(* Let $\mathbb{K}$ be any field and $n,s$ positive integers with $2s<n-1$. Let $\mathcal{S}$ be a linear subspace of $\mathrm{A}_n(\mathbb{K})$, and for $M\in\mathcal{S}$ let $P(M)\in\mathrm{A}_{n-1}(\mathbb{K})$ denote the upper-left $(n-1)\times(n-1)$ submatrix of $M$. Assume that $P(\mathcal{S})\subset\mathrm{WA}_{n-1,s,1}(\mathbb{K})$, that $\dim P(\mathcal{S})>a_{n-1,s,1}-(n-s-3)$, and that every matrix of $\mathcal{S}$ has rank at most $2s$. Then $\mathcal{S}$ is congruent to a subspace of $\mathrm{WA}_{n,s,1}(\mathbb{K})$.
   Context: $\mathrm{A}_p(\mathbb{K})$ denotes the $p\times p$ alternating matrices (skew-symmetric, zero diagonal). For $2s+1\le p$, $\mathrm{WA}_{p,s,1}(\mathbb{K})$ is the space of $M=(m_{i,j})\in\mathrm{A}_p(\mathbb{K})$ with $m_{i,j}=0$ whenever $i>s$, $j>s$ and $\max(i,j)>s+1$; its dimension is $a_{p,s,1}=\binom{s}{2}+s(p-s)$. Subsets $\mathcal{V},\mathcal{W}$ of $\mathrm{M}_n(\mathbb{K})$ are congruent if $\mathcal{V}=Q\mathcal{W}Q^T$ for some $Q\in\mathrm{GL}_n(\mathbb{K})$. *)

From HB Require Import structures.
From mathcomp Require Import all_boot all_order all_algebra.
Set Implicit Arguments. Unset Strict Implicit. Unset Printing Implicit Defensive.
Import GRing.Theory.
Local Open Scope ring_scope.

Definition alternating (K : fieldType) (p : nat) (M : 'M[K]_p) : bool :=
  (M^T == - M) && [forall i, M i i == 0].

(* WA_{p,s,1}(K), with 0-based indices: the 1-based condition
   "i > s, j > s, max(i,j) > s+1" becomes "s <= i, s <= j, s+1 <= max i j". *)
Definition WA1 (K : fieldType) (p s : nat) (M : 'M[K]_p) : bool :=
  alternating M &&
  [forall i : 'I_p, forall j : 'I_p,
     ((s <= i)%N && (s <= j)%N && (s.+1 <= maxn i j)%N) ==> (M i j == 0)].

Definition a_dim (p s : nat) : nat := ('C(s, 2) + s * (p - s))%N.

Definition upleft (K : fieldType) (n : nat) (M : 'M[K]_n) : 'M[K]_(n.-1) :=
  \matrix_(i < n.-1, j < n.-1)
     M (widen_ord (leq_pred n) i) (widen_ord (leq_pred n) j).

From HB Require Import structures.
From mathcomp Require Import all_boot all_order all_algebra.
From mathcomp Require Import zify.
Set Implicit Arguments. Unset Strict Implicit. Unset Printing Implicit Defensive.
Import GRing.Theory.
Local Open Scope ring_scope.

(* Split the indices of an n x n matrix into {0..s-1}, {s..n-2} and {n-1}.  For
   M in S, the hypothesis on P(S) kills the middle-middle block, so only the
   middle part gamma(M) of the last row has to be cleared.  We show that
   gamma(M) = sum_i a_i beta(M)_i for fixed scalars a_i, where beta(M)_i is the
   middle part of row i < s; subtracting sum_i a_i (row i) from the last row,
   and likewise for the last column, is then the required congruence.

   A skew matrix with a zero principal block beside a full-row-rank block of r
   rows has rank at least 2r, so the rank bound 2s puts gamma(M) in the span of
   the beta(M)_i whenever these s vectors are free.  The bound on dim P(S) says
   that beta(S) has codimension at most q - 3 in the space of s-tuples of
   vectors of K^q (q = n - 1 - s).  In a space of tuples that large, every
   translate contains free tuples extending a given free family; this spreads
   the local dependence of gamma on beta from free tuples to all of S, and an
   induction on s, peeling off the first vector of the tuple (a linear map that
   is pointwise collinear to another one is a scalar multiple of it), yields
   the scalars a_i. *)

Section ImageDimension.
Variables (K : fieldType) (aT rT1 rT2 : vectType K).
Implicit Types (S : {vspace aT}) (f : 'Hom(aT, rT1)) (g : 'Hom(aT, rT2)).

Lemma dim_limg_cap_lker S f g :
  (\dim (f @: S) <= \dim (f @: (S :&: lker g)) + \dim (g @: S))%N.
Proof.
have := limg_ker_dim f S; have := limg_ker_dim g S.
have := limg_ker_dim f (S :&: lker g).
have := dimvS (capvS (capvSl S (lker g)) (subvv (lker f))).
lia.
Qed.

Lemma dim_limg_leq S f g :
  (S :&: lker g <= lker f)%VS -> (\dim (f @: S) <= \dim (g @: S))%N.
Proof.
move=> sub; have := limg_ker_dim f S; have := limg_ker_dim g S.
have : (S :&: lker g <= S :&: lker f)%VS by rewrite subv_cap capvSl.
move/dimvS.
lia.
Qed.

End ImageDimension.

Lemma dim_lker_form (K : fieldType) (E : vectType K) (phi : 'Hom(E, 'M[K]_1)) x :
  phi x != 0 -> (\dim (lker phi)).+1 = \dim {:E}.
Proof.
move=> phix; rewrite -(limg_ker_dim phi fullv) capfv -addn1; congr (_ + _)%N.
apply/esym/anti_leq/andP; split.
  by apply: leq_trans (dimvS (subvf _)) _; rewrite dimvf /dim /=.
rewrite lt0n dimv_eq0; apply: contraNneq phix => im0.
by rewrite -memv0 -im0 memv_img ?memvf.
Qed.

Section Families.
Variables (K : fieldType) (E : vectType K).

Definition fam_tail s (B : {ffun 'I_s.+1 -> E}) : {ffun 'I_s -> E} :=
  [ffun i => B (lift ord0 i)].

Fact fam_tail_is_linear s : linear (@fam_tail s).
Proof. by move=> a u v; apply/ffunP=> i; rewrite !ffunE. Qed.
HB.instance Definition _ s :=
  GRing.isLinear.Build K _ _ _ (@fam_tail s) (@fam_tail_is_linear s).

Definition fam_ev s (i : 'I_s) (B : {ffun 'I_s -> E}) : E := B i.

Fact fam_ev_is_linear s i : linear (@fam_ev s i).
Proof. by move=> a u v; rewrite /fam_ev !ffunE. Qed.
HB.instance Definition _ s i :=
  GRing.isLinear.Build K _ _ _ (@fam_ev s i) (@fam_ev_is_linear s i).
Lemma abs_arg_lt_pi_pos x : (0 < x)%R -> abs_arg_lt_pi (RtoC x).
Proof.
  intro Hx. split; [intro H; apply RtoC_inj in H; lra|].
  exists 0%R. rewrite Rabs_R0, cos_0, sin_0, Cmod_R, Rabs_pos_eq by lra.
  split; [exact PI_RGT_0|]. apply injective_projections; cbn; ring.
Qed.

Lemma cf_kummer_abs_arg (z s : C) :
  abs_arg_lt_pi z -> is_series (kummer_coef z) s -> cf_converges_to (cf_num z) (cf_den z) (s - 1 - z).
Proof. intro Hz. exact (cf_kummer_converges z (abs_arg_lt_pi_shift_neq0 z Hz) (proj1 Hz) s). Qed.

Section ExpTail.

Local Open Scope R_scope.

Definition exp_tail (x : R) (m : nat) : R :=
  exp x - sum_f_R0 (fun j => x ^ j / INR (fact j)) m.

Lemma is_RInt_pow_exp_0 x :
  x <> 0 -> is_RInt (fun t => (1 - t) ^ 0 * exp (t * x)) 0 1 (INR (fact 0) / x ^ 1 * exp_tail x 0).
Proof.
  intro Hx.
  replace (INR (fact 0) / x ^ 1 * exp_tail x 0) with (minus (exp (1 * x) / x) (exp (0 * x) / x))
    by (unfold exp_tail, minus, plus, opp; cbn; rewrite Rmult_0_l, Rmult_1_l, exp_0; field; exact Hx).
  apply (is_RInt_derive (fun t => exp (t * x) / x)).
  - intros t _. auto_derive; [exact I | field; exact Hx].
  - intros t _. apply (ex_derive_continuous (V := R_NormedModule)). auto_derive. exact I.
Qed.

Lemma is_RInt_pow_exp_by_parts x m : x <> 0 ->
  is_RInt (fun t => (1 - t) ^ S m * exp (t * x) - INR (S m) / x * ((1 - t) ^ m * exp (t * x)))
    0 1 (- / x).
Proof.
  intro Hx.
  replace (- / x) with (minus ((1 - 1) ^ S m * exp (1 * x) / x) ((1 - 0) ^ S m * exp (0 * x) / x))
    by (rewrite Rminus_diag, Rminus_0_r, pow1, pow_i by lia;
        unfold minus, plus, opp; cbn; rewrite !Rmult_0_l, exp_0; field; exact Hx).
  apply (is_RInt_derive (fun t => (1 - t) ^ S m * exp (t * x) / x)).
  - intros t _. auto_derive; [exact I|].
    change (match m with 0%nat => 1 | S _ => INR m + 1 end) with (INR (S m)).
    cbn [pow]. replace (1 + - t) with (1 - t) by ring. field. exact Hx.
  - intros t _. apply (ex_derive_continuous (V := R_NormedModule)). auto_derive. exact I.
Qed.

*-*-*

◆ **Problem to solve**:
In the data above, find the line that contains "induction on s, peeling" and the line that contains "Section Families.". Repeat exactly those lines and every line between them, and only those.

◆ **Answer for this exercise**:
   induction on s, peeling off the first vector of the tuple (a linear map that
   is pointwise collinear to another one is a scalar multiple of it), yields
   the scalars a_i. *)

Section ImageDimension.
Variables (K : fieldType) (aT rT1 rT2 : vectType K).
Implicit Types (S : {vspace aT}) (f : 'Hom(aT, rT1)) (g : 'Hom(aT, rT2)).

Lemma dim_limg_cap_lker S f g :
  (\dim (f @: S) <= \dim (f @: (S :&: lker g)) + \dim (g @: S))%N.
Proof.
have := limg_ker_dim f S; have := limg_ker_dim g S.
have := limg_ker_dim f (S :&: lker g).
have := dimvS (capvS (capvSl S (lker g)) (subvv (lker f))).
lia.
Qed.

Lemma dim_limg_leq S f g :
  (S :&: lker g <= lker f)%VS -> (\dim (f @: S) <= \dim (g @: S))%N.
Proof.
move=> sub; have := limg_ker_dim f S; have := limg_ker_dim g S.
have : (S :&: lker g <= S :&: lker f)%VS by rewrite subv_cap capvSl.
move/dimvS.
lia.
Qed.

End ImageDimension.

Lemma dim_lker_form (K : fieldType) (E : vectType K) (phi : 'Hom(E, 'M[K]_1)) x :
  phi x != 0 -> (\dim (lker phi)).+1 = \dim {:E}.
Proof.
move=> phix; rewrite -(limg_ker_dim phi fullv) capfv -addn1; congr (_ + _)%N.
apply/esym/anti_leq/andP; split.
  by apply: leq_trans (dimvS (subvf _)) _; rewrite dimvf /dim /=.
rewrite lt0n dimv_eq0; apply: contraNneq phix => im0.
by rewrite -memv0 -im0 memv_img ?memvf.
Qed.

Section Families.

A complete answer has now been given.